I got away with it for a little while. I've never been thin, ever, but I look back on photos of myself when I was 18 and wish I was that skinny. I've always liked that quote I see hanging around online - "I wish I was as thin as I was when I thought I was fat" - and that is so true for me. The Wednesday - Saturday nights dancing up a storm in clubs kept me a size I would be very happy with now, but alas, for the last 10 years I've ballooned to a size that hinders my confidence.

It's not about a number for me, that's simply a way of tracking how I'm going. It's not about any number: not on the scales, no on a measuring tape, not on a label on a pair of jeans. For me it's about confidence. I see lots of beautiful clothes that I'd love to wear, but, if I can fit into it (and that's often a long shot),  I lack the confidence to wear it. It's also about my health. I'm not 18 anymore. I can see the lack of good health in my skin, and if I can see my skin is awful imagine what my insides are like.

Today I've started on a long journey, a change. Not a diet, because I've done that before, and it never lasts. A lifestyle change, as cliche as that sounds.

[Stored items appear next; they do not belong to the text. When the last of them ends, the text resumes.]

(* Assume that $\bar r^j \in \mathrm{recc}(C)$ for every $j \in N_0$. Then every $x \in P^B \setminus C$ satisfies at least one of the two inequalities $$\sum_{j \in N} \frac{x_j}{\alpha_j} \le 1 \qquad\text{or}\qquad \sum_{j \in N} \frac{x_j}{\beta_j} \ge 1 .$$
   Context: Let $A\in\mathbb{R}^{m\times n}$ have full row rank, $b\in\mathbb{R}^m$, and $P=\{x\in\mathbb{R}^n_+ : Ax=b\}$. Let $C\subseteq\mathbb{R}^n$ be an open convex set. Fix a basis $B\subseteq\{1,\dots,n\}$ of $P$ with nonbasic index set $N=\{1,\dots,n\}\setminus B$. Write $P=\{x\in\mathbb{R}^n : x_i=\bar b_i-\sum_{j\in N}\bar a_{ij}x_j\ (i\in B),\ x_j\ge 0\ (j=1,\dots,n)\}$ for some $\bar a\in\mathbb{R}^{|B|\times|N|}$ and $\bar b\in\mathbb{R}^{|B|}_+$. The basic solution $\bar x$ is given by $\bar x_i=\bar b_i$ for $i\in B$ and $\bar x_i=0$ for $i\in N$. The set $P^B\supseteq P$ is obtained from this description by dropping the constraints $x_i\ge0$ for $i\in B$. For $j\in N$ let $\bar r^j\in\mathbb{R}^n$ be given by $\bar r^j_k=-\bar a_{kj}$ for $k\in B$, $\bar r^j_j=1$, and $\bar r^j_k=0$ for $k\in N\setminus\{j\}$. Then $P^B=\{\bar x+\sum_{j\in N}x_j\bar r^j : x_j\ge 0\ \forall j\in N\}$. For $x\in P^B$, the coordinates $x_j$ ($j\in N$) are exactly the coefficients in this representation. It is assumed that $\bar x\notin\mathrm{cl}(C)$. For $j\in N$ let $\alpha_j=\inf\{\lambda\ge0:\bar x+\lambda\bar r^j\in C\}$ and $\beta_j=\sup\{\lambda\ge0:\bar x+\lambda\bar r^j\in C\}$. By convention, $\alpha_j=+\infty$ and $\beta_j=-\infty$ if the halfline $\{\bar x+\lambda\bar r^j:\lambda\ge0\}$ does not intersect $C$. The set $N$ is partitioned into - $N_0=\{j\in N:\alpha_j=+\infty,\ \beta_j=-\infty\}$, - $N_1=\{j\in N:\alpha_j\in(0,+\infty),\ \beta_j=+\infty\}$, - $N_2=\{j\in N:\alpha_j\in(0,+\infty),\ \beta_j\in(\alpha_j,+\infty)\}$. We use the convention $t/\pm\infty=0$. For a set $K\subseteq\mathbb{R}^n$, $\mathrm{recc}(K)=\{d\in\mathbb{R}^n: x+\lambda d\in K\ \forall x\in K,\ \forall\lambda\ge0\}$ denotes its recession cone. *)

From HB Require Import structures.
From mathcomp Require Import all_boot all_order all_algebra.
From mathcomp Require Import all_classical all_reals all_analysis.
Set Implicit Arguments. Unset Strict Implicit. Unset Printing Implicit Defensive.
Import Order.TTheory GRing.Theory Num.Theory.
Import numFieldNormedType.Exports.
Local Open Scope classical_set_scope.
Local Open Scope ring_scope.

Definition recc (R : realType) (n : nat) (K : set 'rV[R]_n) : set 'rV[R]_n :=
  [set d | forall x, K x -> forall lam : R, 0 <= lam -> K (x + lam *: d)].

Definition alpha_of (R : realType) (n : nat) (C : set 'rV[R]_n) (xb r : 'rV[R]_n)
  : \bar R :=
  ereal_inf [set (lam%:E) | lam in [set lam : R | 0 <= lam /\ C (xb + lam *: r)]].

Definition beta_of (R : realType) (n : nat) (C : set 'rV[R]_n) (xb r : 'rV[R]_n)
  : \bar R :=
  ereal_sup [set (lam%:E) | lam in [set lam : R | 0 <= lam /\ C (xb + lam *: r)]].

(* t / a with the convention t / (+-oo) = 0. *)
Definition divE (R : realType) (t : R) (a : \bar R) : R :=
  match a with
  | EFin r => t / r
  | _ => 0
  end.

Definition basic_sol (R : realType) (n : nat) (B : {set 'I_n}) (bb : 'I_n -> R)
  : 'rV[R]_n := \row_k (if k \in B then bb k else 0).

Definition ray (R : realType) (n : nat) (B : {set 'I_n}) (ab : 'I_n -> 'I_n -> R)
  (j : 'I_n) : 'rV[R]_n :=
  \row_k (if k \in B then - ab k j else if k == j then 1 else 0).

Definition tableau_set (R : realType) (n : nat) (B : {set 'I_n})
  (ab : 'I_n -> 'I_n -> R) (bb : 'I_n -> R) : set 'rV[R]_n :=
  [set x | (forall i, i \in B -> x 0 i = bb i - \sum_(j in ~: B) ab i j * x 0 j)
           /\ (forall k, 0 <= x 0 k)].

(* P^B: drop the constraints x_i >= 0 for i in B. *)
Definition PB (R : realType) (n : nat) (B : {set 'I_n})
  (ab : 'I_n -> 'I_n -> R) (bb : 'I_n -> R) : set 'rV[R]_n :=
  [set x | (forall i, i \in B -> x 0 i = bb i - \sum_(j in ~: B) ab i j * x 0 j)
           /\ (forall j, j \in ~: B -> 0 <= x 0 j)].

From HB Require Import structures.
From mathcomp Require Import all_boot all_order all_algebra.
From mathcomp Require Import all_classical all_reals all_analysis.
From mathcomp Require Import ring lra.
Set Implicit Arguments. Unset Strict Implicit. Unset Printing Implicit Defensive.
Import Order.TTheory GRing.Theory Num.Theory.
Import numFieldNormedType.Exports.
Local Open Scope classical_set_scope.
Local Open Scope ring_scope.

(* Suppose [x] violates both inequalities, i.e. [S := sum_j x_j / alpha_j > 1] and
   [T := sum_j x_j / beta_j < 1].  For [s := (S - 1) / (S - T)] in [(0, 1)] the weights
   [v_j := (1 - s) / alpha_j + s / beta_j] satisfy [sum_j x_j v_j = 1].  If [v_j > 0],
   then [1 / v_j] lies between [alpha_j] and [beta_j], so by convexity the point
   [xb + r^j / v_j] of the j-th ray is in [C]; if [v_j = 0], the ray misses [C] and
   [r^j] is a recession direction of [C].  Hence [x = xb + sum_j x_j r^j] is a convex
   combination of points of [C] moved along recession directions, so [x] is in [C].
   Neither the openness of [C] nor the description of [P] by [A] and [b] is needed. *)

Section ConvexCombination.
Variables (R : numFieldType) (M : lmodType R) (A : set (convex_lmodType M)).
Hypothesis convA : convex_set A.

Lemma convex_set_segment (x y : M) (t : R) :
  0 <= t -> t <= 1 -> A x -> A y -> A (t *: x + (1 - t) *: y).
Proof.
move=> t_ge0 t_le1 Ax Ay.
by have := @convA x y (Itv01 t_ge0 t_le1) (mem_set Ax) (mem_set Ay); rewrite inE.
Qed.

Lemma convex_set_sum (I : eqType) (s : seq I) (P : pred I) (mu : I -> R) (p : I -> M) :
  (forall i, P i -> 0 <= mu i) -> \sum_(i <- s | P i) mu i = 1 ->
  (forall i, P i -> 0 < mu i -> A (p i)) -> A (\sum_(i <- s | P i) mu i *: p i).
Proof.
elim: s mu => [|i s IH] mu mu_ge0.
  by rewrite big_nil => /esym/eqP; rewrite oner_eq0.
rewrite !big_cons; case: ifP => Pi; last exact: IH.
set c := \sum_(j <- s | P j) mu j => mu_sum Ap.
have [mui0 | mui_neq0] := eqVneq (mu i) 0.
  by rewrite mui0 scale0r add0r; apply: IH; rewrite // -mu_sum mui0 add0r.
have mui_gt0 : 0 < mu i by rewrite lt_def mui_neq0 mu_ge0.
have c_ge0 : 0 <= c by exact: sumr_ge0.
have [c0 | c_neq0] := eqVneq c 0.
  have mui1 : mu i = 1 by rewrite -mu_sum c0 addr0.
  have /eqP := c0; rewrite psumr_eq0 // => /allP mu0.
  rewrite big1_seq => [|j /andP[Pj /mu0]]; last by rewrite Pj => /eqP ->; rewrite scale0r.
  by rewrite addr0 mui1 scale1r; apply: Ap; rewrite ?mui1.
have c_gt0 : 0 < c by rewrite lt_def c_neq0.
have A_rest : A (c^-1 *: \sum_(j <- s | P j) mu j *: p j).
  rewrite scaler_sumr (eq_bigr (fun j => (c^-1 * mu j) *: p j)) => [|j _]; last first.
    by rewrite scalerA.
  apply: IH => [j Pj | | j Pj]; first by rewrite mulr_ge0 ?invr_ge0 ?mu_ge0.
    by rewrite -mulr_sumr mulVf.
  by rewrite pmulr_rgt0 ?invr_gt0 //; exact: Ap.
have c_eq : 1 - mu i = c by rewrite -mu_sum addrC addKr.
have mui_le1 : mu i <= 1 by rewrite -subr_ge0 c_eq.
have := convex_set_segment (ltW mui_gt0) mui_le1 (Ap i Pi mui_gt0) A_rest.
by rewrite c_eq scalerA divff // scale1r.
Qed.

End ConvexCombination.

Lemma ltr_convex_comb (R : numDomainType) (x y s : R) :
  y < x -> 0 < s < 1 -> y < (1 - s) * x + s * y < x.
Proof.
move=> yx /andP[s_gt0 s_lt1]; rewrite -[y < _]subr_gt0 -[_ < x]subr_gt0.
have -> : (1 - s) * x + s * y - y = (1 - s) * (x - y) by ring.
have -> : x - ((1 - s) * x + s * y) = s * (x - y) by ring.
by rewrite !mulr_gt0 ?subr_gt0.
Qed.

Lemma divE_mul (R : realType) (t : R) (a : \bar R) : divE t a = t * divE 1 a.
Proof. by case: a => [a| |] /=; rewrite ?mulr0 // mulrA mulr1. Qed.

Lemma divE_ge0 (R : realType) (t : R) (a : \bar R) :
  0 <= t -> (0 <= a)%E -> 0 <= divE t a.
Proof. by case: a => [a| |] //= t_ge0; rewrite lee_fin => a_ge0; rewrite divr_ge0. Qed.

Definition ray_hits (R : realType) (n : nat) (C : set 'rV[R]_n) (xb r : 'rV[R]_n)
  : set R := [set lam | 0 <= lam /\ C (xb + lam *: r)].

Definition ray_weight (R : realType) (n : nat) (C : set 'rV[R]_n) (xb r : 'rV[R]_n)
  (s : R) : R :=
  (1 - s) * divE 1 (alpha_of C xb r) + s * divE 1 (beta_of C xb r).

Section Ray.
Variables (R : realType) (n : nat) (C : set 'rV[R]_n) (xb r : 'rV[R]_n).
Local Notation L := (ray_hits C xb r).
Local Notation alpha := (alpha_of C xb r).
Local Notation beta := (beta_of C xb r).

Lemma alpha_ofE : alpha = ereal_inf [set lam%:E | lam in L].
Proof. by []. Qed.

Lemma beta_ofE : beta = ereal_sup [set lam%:E | lam in L].
Proof. by []. Qed.

Lemma ray_hits_empty : L = set0 -> alpha = +oo%E /\ beta = -oo%E.
Proof. by rewrite alpha_ofE beta_ofE => ->; rewrite image_set0 ereal_inf0 ereal_sup0. Qed.

Lemma alpha_of_le l : L l -> (alpha <= l%:E)%E.
Proof. by move=> Ll; apply: ereal_inf_lbound; exists l. Qed.

Lemma beta_of_ge l : L l -> (l%:E <= beta)%E.
Proof. by move=> Ll; apply: ereal_sup_ubound; exists l. Qed.

Lemma alpha_of_ge0 : (0 <= alpha)%E.
Proof. by apply: le_ereal_inf_tmp => _ [l [l_ge0 _] <-]; rewrite lee_fin. Qed.

Hypothesis convC : convex_set (C : set (convex_lmodType 'rV[R]_n)).

Lemma ray_hits_segment l1 l2 lam : L l1 -> L l2 -> l1 <= lam <= l2 -> L lam.
Proof.
move=> [l1_ge0 C1] [_ C2] /andP[l1_le l_le2]; split; first exact: le_trans l1_le.
have [l12 | l1_neq2] := eqVneq l1 l2.
  by have -> : lam = l1 by apply/eqP; rewrite eq_le l1_le l12 l_le2.
have d_gt0 : 0 < l2 - l1 by rewrite subr_gt0 lt_def eq_sym l1_neq2 (le_trans l1_le).
pose t := (l2 - lam) / (l2 - l1).
have t_ge0 : 0 <= t by rewrite divr_ge0 ?subr_ge0 ?(le_trans l1_le).
have t_le1 : t <= 1 by rewrite ler_pdivrMr // mul1r lerD2l lerN2.
have := convex_set_segment convC t_ge0 t_le1 C1 C2.
rewrite !scalerDr !scalerA addrACA -scalerDl subrKC scale1r -scalerDl.
suff -> : t * l1 + (1 - t) * l2 = lam by [].
by rewrite /t; field; rewrite gt_eqF.
Qed.

Lemma ray_hits_between lam : (alpha < lam%:E)%E -> (lam%:E < beta)%E -> L lam.
Proof.
rewrite alpha_ofE beta_ofE => /ereal_inf_lt[_ [l1 L1 <-]] l1_lt /ereal_sup_gt[_ [l2 L2 <-]].
by rewrite !lte_fin in l1_lt * => lt_l2; apply: ray_hits_segment L1 L2 _; rewrite !ltW.
Qed.

Hypothesis xb_notin_clC : ~ closure C xb.

Lemma alpha_of_gt0 : (0 < alpha)%E.
Proof.
rewrite lt_def alpha_of_ge0 andbT; apply/eqP => alpha0.
apply: xb_notin_clC => U /nbhs_ballP[e /= e_gt0 eU].
have nr_gt0 : 0 < `|r| + 1 by rewrite ltr_wpDl.
have : (alpha < (e / (`|r| + 1))%:E)%E by rewrite alpha0 lte_fin divr_gt0.
rewrite alpha_ofE => /ereal_inf_lt[_ [l [l_ge0 Cl] <-]]; rewrite lte_fin => l_lt.
exists (xb + l *: r); split => //; apply: eU.
rewrite -ball_normE /= opprD addrA subrr sub0r normrN normrZ ger0_norm //.
apply: le_lt_trans (_ : l * (`|r| + 1) < e); first by rewrite ler_wpM2l // lerDl.
by rewrite -ltr_pdivlMr.
Qed.

Lemma alpha_of_fin l0 : L l0 -> exists2 a, alpha = a%:E & 0 < a.
Proof.
move=> L0; case: alpha alpha_of_gt0 (alpha_of_le L0) => [a||] //= a_gt0 _.
by exists a; rewrite // -lte_fin.
Qed.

Putting all of those things I know into action.

So here we go....
Here's to a change.
Here's to being able to choose something in a store and be happy with how it looks.
Here's to not always wanting to take selfies on a certain angle.
Here's to showing my girls how to be healthy and love their bodies.
I'm excited!

I've gone gung-ho on my juicer, again. Every time I use it I love it. I have a million juices pinned and a huge recipe book of juices so that I don't get bored with one kind. This is the juice of choice this week, and look at how organised I am!


I have an experiment with some of the cut up fruit later on in the week to see if the bags that have been pre-frozen are as good as the fresh ones earlier this week. Look at this yummy green concoction.

I've also got back into using the Myfitnesspal app. It's such a motivating tool.. and it's free! I'd totally recommend it. I use it on my iPhone but you can download it on any smart device or if you don't have one you can use it directly on the web.

Adding in foods is so easy and my favourite part is that at the end of every day when you submit your eating it tells you how much you could potentially weigh in 5 weeks if you continue the way you have that day. So motivating!

Another way I'm tracking things is with this cute little idea. The cup on the left has 50 stones in it (I'm wanting to lose 30kg initially but between 40 and 50 would be optimal). Each kg I lose, I move a stone over into the other cup. I like how visual it is. I've made the following signs to go above the cups too, just waiting for them to be printed.


I don't think I have all the answers, far from it, but I'm keen to share my journey to help myself and to hopefully motivate somebody else.